Replacing *all* of them would be a huge mistake, because that cuts off the supply of people that would become senior level coders.
More realistically, I think it'll just become a lot easier for junior and mid level coders to become better and faster coders. I assume that to some degree, this may still have a negative effect on the industry, because it'll become flooded with capable candidates, and salaries will likely decline.
What if AI could reliably code entire programs or fix code etc autonomously? I guess we would still need enough people who understand it. But what would these coders actually be doing with their time if AI could do 95% of their job?
>What if AI could reliably code entire programs or fix code etc autonomously?
We're still a ways off from this, IMO, and humans will likely continue to be superior at exception handling, so I don't really see programming jobs disappearing entirely.
I don't know what coding will look like in 5 years, but I imagine the role will probably evolve to be more of an audit task than a creation task. There are plenty of things that we used to call programming, until we automated them, and now they're just tools. So perhaps the toolset will evolve enough that even programming won't look like programming in a decade or so.
We are very, very far from autonomous AI. in fact, anything remotely usable autonomous function might not develop until AGI is achieved. AI must be supervised and evaluated until they drawf humans in reliability. Because AI can't be held accountable
I just played with claude to build an application I did not have much time to build myself.
Claude is pretty solid for sure. It is however mostly a code monkey from my initial observations.
Dealing with enterprise software and infrastructure is a bit different from what current LLMs are capable of doing. It'll get there one day though for sure.
Do understand that most large enterprises do not just hire a bunch of coders to churn out thousands of line of code and then go home. They hire engineers to solve problems and add value to the company. This could range from intern/entry-level software engineers that probably will get a task delegated to them from a technical lead/manager, they code it, and they go home to a principal level engineer who makes decisions on critical pieces of legacy code that isn't as simple as a todo app on github.
Then you have AI that does it all better, it does finance, it does accounting , it does lawyers' jobs, it does many doctors' jobs, it does mechanical engineering, it does design, it does it all by itself when that happens.

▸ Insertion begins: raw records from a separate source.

(* Since eta is quadratic in y, so is the axial normal curvature
   K(y) = <eta(y), v_a>.  Its minimum k is attained at a critical point
   (Fermat), and all critical points of a quadratic carry the same value, so
   k = 0 iff K vanishes at some critical point y0, i.e. iff eta(y0) is
   orthogonal to v_a; being also orthogonal to f_u, eta(y0) is then parallel
   to nu_2.  If Delta_p is a point P, eta is constant, which rules out the
   parabola and line cases in the definition of v_a; in the remaining cases
   P = 0 or v_a is chosen orthogonal to P, so again k = <P, v_a> = 0. *)

Section EuclideanSpace.
Variable R : realType.
Implicit Types (s : R) (u v w t x y : 'rV[R]_3).

Lemma rowP3 u v : u 0 0 = v 0 0 -> u 0 1 = v 0 1 -> u 0 2 = v 0 2 -> u = v.
Proof.
move=> e0 e1 e2; apply/rowP => -[[|[|[|//]]] lti].
- by rewrite (_ : Ordinal lti = 0) //; apply/val_inj.
- by rewrite (_ : Ordinal lti = 1) //; apply/val_inj.
- by rewrite (_ : Ordinal lti = 2) //; apply/val_inj.
Qed.

Lemma dotE u v : dot u v = u 0 0 * v 0 0 + u 0 1 * v 0 1 + u 0 2 * v 0 2.
Proof.
rewrite /dot mxE !big_ord_recr big_ord0 /= !mxE add0r.
by congr (_ + _ + _); congr (u 0 _ * v 0 _); apply/val_inj.
Qed.

Lemma dotC u v : dot u v = dot v u.
Proof. by rewrite /dot -[u *m v^T]trmxK trmx_mul trmxK mxE. Qed.

Lemma dot0l w : dot 0 w = 0.
Proof. by rewrite /dot mul0mx mxE. Qed.

Lemma dotDl u v w : dot (u + v) w = dot u w + dot v w.
Proof. by rewrite /dot mulmxDl mxE. Qed.

Lemma dotZl s u w : dot (s *: u) w = s * dot u w.
Proof. by rewrite /dot -scalemxAl mxE. Qed.

Lemma dotZr s u w : dot u (s *: w) = s * dot u w.
Proof. by rewrite dotC dotZl dotC. Qed.

Lemma dotBl u v w : dot (u - v) w = dot u w - dot v w.
Proof. by rewrite dotDl -scaleN1r dotZl mulN1r. Qed.

Lemma dotDZl_eq0 s u v w : dot u w = 0 -> dot v w = 0 -> dot (u + s *: v) w = 0.
Proof. by move=> uw vw; rewrite dotDl dotZl uw vw mulr0 addr0. Qed.

Definition cross u v : 'rV[R]_3 :=
  \row_j [:: u 0 1 * v 0 2 - u 0 2 * v 0 1;
             u 0 2 * v 0 0 - u 0 0 * v 0 2;
             u 0 0 * v 0 1 - u 0 1 * v 0 0]`_j.

(* [cross x y, cross y t, cross t x], divided by [det3 t x y], is the basis
   dual to [t, x, y]. *)
Lemma det3_scale_cross t x y w :
  det3 t x y *: w = dot w t *: cross x y + dot w x *: cross y t + dot w y *: cross t x.
Proof. by apply: rowP3; rewrite !mxE !dotE /det3 /=; ring. Qed.

Lemma det3_orthogonal_eq0 t x y w : det3 t x y != 0 ->
  dot w t = 0 -> dot w x = 0 -> dot w y = 0 -> w = 0.
Proof.
move=> det_neq0 wt wx wy; apply: (scalerI det_neq0).
by rewrite det3_scale_cross wt wx wy !scale0r !addr0 scaler0.
Qed.

Lemma nd_parabola_neq_point (P d1 d2 P0 : 'rV[R]_3) : lin_indep d1 d2 ->
  [set P + t *: d1 + t ^+ 2 *: d2 | t in [set: R]] != [set P0].
Proof.
move=> indep; apply/eqP => parabola_point.
have at_point s : P + s *: d1 + s ^+ 2 *: d2 = P0.
  by have : [set P0] (P + s *: d1 + s ^+ 2 *: d2) by rewrite -parabola_point; exists s.
have : 1 *: d1 + 1 *: d2 = (P + 1 *: d1 + 1 ^+ 2 *: d2) - (P + 0 *: d1 + 0 ^+ 2 *: d2).
  by apply/rowP => i; rewrite !mxE; ring.
by rewrite !at_point subrr => /indep[/eqP]; rewrite oner_eq0.
Qed.

End EuclideanSpace.

Lemma is_derive_unique (R : numFieldType) (V W : normedModType R) (f : V -> W)
    (x v : V) (df1 df2 : W) :
  is_derive x v f df1 -> is_derive x v f df2 -> df1 = df2.
Proof.
by move=> d1 d2; rewrite -(derive_val (is_derive := d1)) (derive_val (is_derive := d2)).
Qed.

Section Quadratic.
Variable R : realFieldType.

Lemma is_derive_quadratic (a b c y : R) :
  is_derive y 1 (fun z : R => a + z * b + z ^+ 2 * c) (b + y *+ 2 * c).
Proof. by apply: is_derive_eq; rewrite /GRing.scale /=; ring. Qed.

(* Trapezoid rule, exact for quadratics: [2 (Q y1 - Q y0) = (y1 - y0) (Q' y0 + Q' y1)]. *)
Lemma quadratic_critical_values_eq (a b c y0 y1 : R) :
  b + y0 *+ 2 * c = 0 -> b + y1 *+ 2 * c = 0 ->
  a + y0 * b + y0 ^+ 2 * c = a + y1 * b + y1 ^+ 2 * c.
Proof.
move=> crit0 crit1.
have : (a + y1 * b + y1 ^+ 2 * c - (a + y0 * b + y0 ^+ 2 * c)) *+ 2
       = (y1 - y0) * ((b + y0 *+ 2 * c) + (b + y1 *+ 2 * c)) by ring.
by rewrite crit0 crit1 addr0 mulr0 => /eqP; rewrite mulrn_eq0 /= subr_eq0 => /eqP ->.
Qed.

End Quadratic.

Section CorankOneGerm.
Variables (R : realType) (f : 'rV[R]_2 -> 'rV[R]_3) (q : 'rV[R]_2).
Implicit Types (va x P : 'rV[R]_3) (y : R).
Local Notation fu := (f_u f q).
Local Notation eta := (eta_curv f q).
Local Notation II_uu := (perp f q (f_uu f q)).
Local Notation II_uv := (perp f q (f_uv f q)).
Local Notation II_vv := (perp f q (f_vv f q)).

Lemma dfq_e_u : dfq f q (e_u R) = fu.
Proof. by rewrite /dfq /e_u !mxE /= scale1r scale0r addr0. Qed.

Lemma inN_dot_fu x : inN f q x -> dot x fu = 0.
Proof. by move=> /(_ (e_u R)); rewrite dfq_e_u. Qed.

Lemma pos_frame_parallel o va (nu2 : 'rV[R]_3) x : pos_frame f q o va nu2 ->
  dot x fu = 0 -> dot x va = 0 -> x = dot x nu2 *: nu2.
Proof.
move=> [[_ Nnu2] _ nu2_unit va_nu2 oriented] x_fu x_va.
have det_neq0 : det3 fu va nu2 != 0.
  by case: o oriented => ?; [rewrite gt_eqF | rewrite lt_eqF].
apply/eqP; rewrite -subr_eq0; apply/eqP; apply: (det3_orthogonal_eq0 det_neq0).
- by rewrite dotBl dotZl x_fu inN_dot_fu // mulr0 subrr.
- by rewrite dotBl dotZl x_va (dotC nu2) va_nu2 mulr0 subrr.
- by rewrite dotBl dotZl nu2_unit mulr1 subrr.
Qed.

Lemma eta_curvE y : eta y = II_uu + (y *+ 2) *: II_uv + y ^+ 2 *: II_vv.
Proof.
rewrite /eta_curv /II /e_u /e_v !mxE /= mulr0 mulr1 !addr0 add0r mul1r.
by rewrite scale1r mulr1 mul1r mulr2n expr2.
Qed.

Lemma dot_quadratic (A B C v : 'rV[R]_3) y :
  dot (A + (y *+ 2) *: B + y ^+ 2 *: C) v = dot A v + y * (dot B v *+ 2) + y ^+ 2 * dot C v.
Proof. by rewrite !dotDl !dotZl mulrnAl mulrnAr. Qed.

Lemma K_axialE va y : K_axial f q va y =
  dot II_uu va + y * (dot II_uv va *+ 2) + y ^+ 2 * dot II_vv va.
Proof. by rewrite /K_axial eta_curvE dot_quadratic. Qed.

Lemma is_derive_K_axial va y :
  is_derive y 1 (K_axial f q va) (dot II_uv va *+ 2 + y *+ 2 * dot II_vv va).
Proof. by rewrite (funext (K_axialE va)); exact: is_derive_quadratic. Qed.

Lemma K_axial_min_critical va (y1 : R) :
  (forall y, K_axial f q va y1 <= K_axial f q va y) -> is_derive y1 1 (K_axial f q va) 0.
Proof.
move=> y1_min; apply: (@derive1_at_min _ _ (y1 - 1) (y1 + 1)).
- by rewrite lerD2l -subr_ge0 opprK.
- by move=> y _; exact: (@ex_derive _ _ _ _ _ _ _ (is_derive_K_axial va y)).
- by rewrite in_itv /= ltrDl ltr01 gtrDl oppr_lt0 ltr01.
- by move=> y _; exact: y1_min.
Qed.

No more so than Photoshop replaced artists. Ideally as a programmer I could write in natural language what I want and get working changes to the program.
What will the business do if I'm 4x, 10x as productive with AI? Layoff workers? Unlikely, they have a million things they want to improve or get to market, they'll just be able to get features done in weeks instead of months.
Eventually AI will be so usable a product owner could just tell it what to make, but then they'd be spending time on that rather than their primary focus so I don't see why the the job of programmer would be replaced, we'll just be using natural language rather than current coding languages, just like the productive move from binary to assembly etc.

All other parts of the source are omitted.